### PROBLEM
Look for the string "From" in the listing below, then copy every line that has it.

### INFORMATION
::::
(* the subtype of image elements; rank f = cardinality of imset f *)
Definition imset (f : X -> X) : Type := { y : X | im f y }.

End Defs.

Definition bijective_map (A B : Type) (h : A -> B) : Prop :=
  (forall a1 a2, h a1 = h a2 -> a1 = a2) /\ (forall b, exists a, h a = b).
Definition equipotent (A B : Type) : Prop := exists h : A -> B, bijective_map h.

Definition finite_type (T : Type) : Prop := exists l : list T, forall t, In t l.

From Stdlib Require Import List RelationClasses Lia.
From Stdlib Require Import Classical ClassicalEpsilon FunctionalExtensionality
  PropExtensionality ProofIrrelevance FinFun.

(* Left multiplication in T_X(alpha) can only shrink an image, so L is equality
   of images. Right multiplication by v in T_X(alpha) identifies
   alpha-equivalent image points, so it can be undone exactly when alpha
   separates the image: R is equality of kernels between maps with separated
   images, and D = L o R compares ranks. A two-sided factorisation f = u g v
   amounts to an injection of im f into the classes of alpha g^-1 (v must be
   constant on each class), and ||alpha f^-1|| <= rank f always holds, so
   Schroeder-Bernstein gives J. When ||alpha|| is finite, ||alpha f^-1|| =
   rank f forces alpha to separate im f (a surjection between finite sets of
   equal size is injective), so D = J; when ||alpha|| is infinite and
   alpha <> Delta, a sequence of pairwise inequivalent points yields two maps of
   countable rank and ||.||, one of which has a non-separated image, that are
   J- but not D-related. *)

Lemma sig_ext {A : Type} {P : A -> Prop} (u v : sig P) :
  proj1_sig u = proj1_sig v -> u = v.
Proof.
  destruct u as [u pu], v as [v pv]; simpl; intros ->.
  f_equal; apply proof_irrelevance.
Qed.

Definition injects (A B : Type) : Prop := exists h : A -> B, Injective h.

Lemma injects_trans A B C : injects A B -> injects B C -> injects A C.
Proof. intros [h Hh] [k Hk]. exists (fun a => k (h a)). intros a1 a2 E; auto. Qed.

Lemma equipotent_injects A B : equipotent A B -> injects A B.
Proof. intros [h [Hinj _]]. exists h; exact Hinj. Qed.

Lemma equipotent_sym A B : equipotent A B -> equipotent B A.
Proof.
  intros [h [Hinj Hsurj]].
  exists (fun b => proj1_sig (constructive_indefinite_description _ (Hsurj b))).
  split.
  - intros b1 b2 E.
    destruct (constructive_indefinite_description _ (Hsurj b1)) as [a1 <-].
    destruct (constructive_indefinite_description _ (Hsurj b2)) as [a2 <-].
    simpl in E; subst; reflexivity.
  - intros a. exists (h a).
    destruct (constructive_indefinite_description _ (Hsurj (h a))) as [a' E].
    simpl; auto.
Qed.

Lemma equipotent_trans A B C : equipotent A B -> equipotent B C -> equipotent A C.
Proof.
  intros [h [Hinj Hsurj]] [k [Kinj Ksurj]]. exists (fun a => k (h a)). split.
  - intros a1 a2 E; auto.
  - intros c. destruct (Ksurj c) as [b <-]. destruct (Hsurj b) as [a <-]. eauto.
Qed.

(* [C] is the set of points whose backward [g o f]-chain starts outside the
   range of [g]: the bijection is [f] on [C] and [g^-1] off [C]. *)
Theorem Schroeder_Bernstein A B : injects A B -> injects B A -> equipotent A B.
Proof.
  intros [f Hf] [g Hg].
  set (s := fun a => g (f a)).
  set (C := fun a => exists n a0, (~ exists b, g b = a0) /\ a = Nat.iter n s a0).
  set (ginv := fun a => epsilon (inhabits (f a)) (fun b => g b = a)).
  assert (ginvK : forall a, ~ C a -> g (ginv a) = a).
  { intros a Hn. apply (epsilon_spec _ (fun b => g b = a)).
    apply NNPP; intro Hr. apply Hn. exists 0, a. auto. }
  assert (C_step : forall a, C a -> C (s a)).
  { intros a [n [a0 [H0 ->]]]. exists (S n), a0. auto. }
  exists (fun a => match excluded_middle_informative (C a) with
                   | left _ => f a | right _ => ginv a end).
  split.
  - intros a1 a2.
    destruct (excluded_middle_informative (C a1)) as [c1|c1];
    destruct (excluded_middle_informative (C a2)) as [c2|c2]; intro E.
    + auto.
    + exfalso. apply c2. rewrite <- (ginvK a2 c2), <- E. exact (C_step a1 c1).
    + exfalso. apply c1. rewrite <- (ginvK a1 c1), E. exact (C_step a2 c2).
    + rewrite <- (ginvK a1 c1), <- (ginvK a2 c2), E. reflexivity.
  - intros b.
    destruct (excluded_middle_informative (C (g b))) as [[[|m] [a0 [H0 H1]]]|c].
    + exfalso. apply H0. exists b. auto.
    + exists (Nat.iter m s a0).
      destruct (excluded_middle_informative (C (Nat.iter m s a0))) as [_|c'].
      * apply Hg. symmetry. exact H1.
      * exfalso. apply c'. exists m, a0. auto.
    + exists (g b).
      destruct (excluded_middle_informative (C (g b))) as [|_]; [contradiction|].
      apply Hg, ginvK, c.
Qed.

Lemma injects_finite A B : A -> injects A B -> finite_type B -> finite_type A.
Proof.
  intros a0 [h Hh] [l Hl].
  set (hinv := fun b => epsilon (inhabits a0) (fun a => h a = b)).
  exists (map hinv l). intro a.
  replace a with (hinv (h a)).
  - apply in_map, Hl.
  - apply Hh. apply (epsilon_spec _ (fun a' => h a' = h a)). eauto.
Qed.

Lemma injective_of_surjective_finite_equipotent A B (s : A -> B) :
  finite_type B -> equipotent B A -> Surjective s -> Injective s.
Proof.
  intros Fin [e [Einj Esurj]] Ssurj.
  assert (SEinj : Injective (fun b => s (e b))).
  { apply (Endo_Injective_Surjective Fin); [intros x y; apply classic|].
    intro b. destruct (Ssurj b) as [a <-]. destruct (Esurj a) as [b' <-]. eauto. }
  intros a1 a2 E.
  destruct (Esurj a1) as [b1 <-]. destruct (Esurj a2) as [b2 <-].
  f_equal. apply SEinj. exact E.
Qed.

Section Classes.
Context {X : Type} (R : X -> X -> Prop) {HR : Equivalence R}.

Definition class_of (x : X) : classes R :=
  exist _ (R x) (ex_intro _ x (fun y => iff_refl (R x y))).

Lemma class_pred_eq x y : R x y -> R x = R y.
Proof.
  intro Hxy. apply functional_extensionality; intro z.
  apply propositional_extensionality. split; intro H.
  - transitivity x; [symmetry|]; assumption.
  - transitivity y; assumption.
Qed.

Lemma class_of_eq_iff x y : class_of x = class_of y <-> R x y.
Proof.
  split; intro H.
  - apply (f_equal (fun C => proj1_sig C y)) in H. simpl in H.
    rewrite H. reflexivity.
  - apply sig_ext. exact (class_pred_eq x y H).
Qed.

Definition rep (C : classes R) : X :=
  proj1_sig (constructive_indefinite_description _ (proj2_sig C)).

Lemma class_of_rep C : class_of (rep C) = C.
Proof.
  unfold rep. destruct C as [P HP]; simpl.
  destruct (constructive_indefinite_description _ HP) as [x Hx]; simpl.
  apply sig_ext; simpl. apply functional_extensionality; intro y.
  apply propositional_extensionality. symmetry. apply Hx.
Qed.

Lemma rep_inj C1 C2 : R (rep C1) (rep C2) -> C1 = C2.
Proof.
  intro H. rewrite <- (class_of_rep C1), <- (class_of_rep C2).
  apply class_of_eq_iff, H.
Qed.

End Classes.

Arguments rep {X R} C.

#[local] Instance preimrel_Equivalence {X : Type} (alpha : X -> X -> Prop)
  {Ha : Equivalence alpha} (f : X -> X) : Equivalence (preimrel alpha f).
Proof.
  unfold preimrel. split.
  - intro x. reflexivity.
  - intros x y H. symmetry. exact H.
  - intros x y z H1 H2. transitivity (f y); assumption.
Qed.

Section Images.
Context {X : Type}.

Definition im_incl (f g : X -> X) : Prop := forall y, im f y -> im g y.

Definition image_pt (f : X -> X) (x : X) : imset f :=
  exist _ (f x) (ex_intro _ x eq_refl).

Definition preimage_pt (f : X -> X) (y : X) : X :=
  epsilon (inhabits y) (fun x => f x = y).

Lemma preimage_ptK (f : X -> X) (y : X) : im f y -> f (preimage_pt f y) = y.
Proof. apply (epsilon_spec _ (fun x => f x = y)). Qed.

Lemma same_im_incl (f g : X -> X) : same_im f g <-> im_incl f g /\ im_incl g f.
Proof. unfold same_im, im_incl. firstorder. Qed.

Lemma separates_same_im (sigma : X -> X -> Prop) (f g : X -> X) :
  same_im f g -> separates sigma (im f) -> separates sigma (im g).
Proof. intros S H a b Hfa Hfb. apply H; apply S; assumption. Qed.

Lemma injects_imset_comp {K : Type} (k : X -> K) (F : K -> X) :
  injects (imset (fun x => F (k x))) K.
Proof.
  exists (fun s => k (preimage_pt (fun x => F (k x)) (proj1_sig s))).
  intros s1 s2 E.
  apply sig_ext. rewrite <- (preimage_ptK _ _ (proj2_sig s1)),
    <- (preimage_ptK _ _ (proj2_sig s2)), E. reflexivity.
Qed.

Lemma injects_imset_of_im_incl (f g : X -> X) :
  im_incl f g -> injects (imset f) (imset g).
Proof.
  intro H. exists (fun s => exist _ (proj1_sig s) (H _ (proj2_sig s))).
  intros s1 s2 E. apply sig_ext. exact (f_equal (@proj1_sig _ _) E).
Qed.

Lemma equipotent_imset_of_same_im (f g : X -> X) :
  same_im f g -> equipotent (imset f) (imset g).
Proof.
  rewrite same_im_incl. intros [H1 H2].
  apply Schroeder_Bernstein; apply injects_imset_of_im_incl; assumption.
Qed.

Lemma equipotent_imset_of_same_ker (f g : X -> X) :
  same_ker f g -> equipotent (imset f) (imset g).
Proof.
  intro K. exists (fun s => image_pt g (preimage_pt f (proj1_sig s))). split.
  - intros s1 s2 E. apply (f_equal (@proj1_sig _ _)) in E. simpl in E.
    apply K in E. apply sig_ext.
    rewrite <- (preimage_ptK _ _ (proj2_sig s1)), <- (preimage_ptK _ _ (proj2_sig s2)).
    exact E.
  - intros [y [x <-]]. exists (image_pt f x). apply sig_ext; simpl.
    apply K, preimage_ptK. exists x. reflexivity.
Qed.

Lemma same_im_sym (f g : X -> X) : same_im f g -> same_im g f.
Proof. intros S y. symmetry. apply S. Qed.

Lemma same_ker_sym (f g : X -> X) : same_ker f g -> same_ker g f.
Proof. intros K x y. symmetry. apply K. Qed.

Lemma TXa_same_ker (alpha : X -> X -> Prop) (f g : X -> X) :
  same_ker f g -> TXa alpha g -> TXa alpha f.
Proof. intros K Tg x y H. apply K, Tg, H. Qed.

End Images.

Section ImageClasses.
Context {X : Type} (alpha : X -> X -> Prop) {Ha : Equivalence alpha}.

Lemma injects_classes_imset (f : X -> X) : injects (classes (preimrel alpha f)) (imset f).
Proof.
  exists (fun C => image_pt f (rep C)). intros C1 C2 E.
  apply (f_equal (@proj1_sig _ _)) in E. simpl in E.
  apply (rep_inj (preimrel alpha f)). red. rewrite E. reflexivity.
Qed.

Definition image_class (f : X -> X) (s : imset f) : classes (preimrel alpha f) :=
  class_of _ (preimage_pt f (proj1_sig s)).

Lemma image_class_eq_iff (f : X -> X) (s1 s2 : imset f) :
  image_class f s1 = image_class f s2 <-> alpha (proj1_sig s1) (proj1_sig s2).
Proof.
  unfold image_class. rewrite (class_of_eq_iff _). unfold preimrel.
  rewrite (preimage_ptK _ _ (proj2_sig s1)), (preimage_ptK _ _ (proj2_sig s2)).
  reflexivity.
Qed.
::::
### TASK RESPONSE
From Stdlib Require Import List RelationClasses Lia.
From Stdlib Require Import Classical ClassicalEpsilon FunctionalExtensionality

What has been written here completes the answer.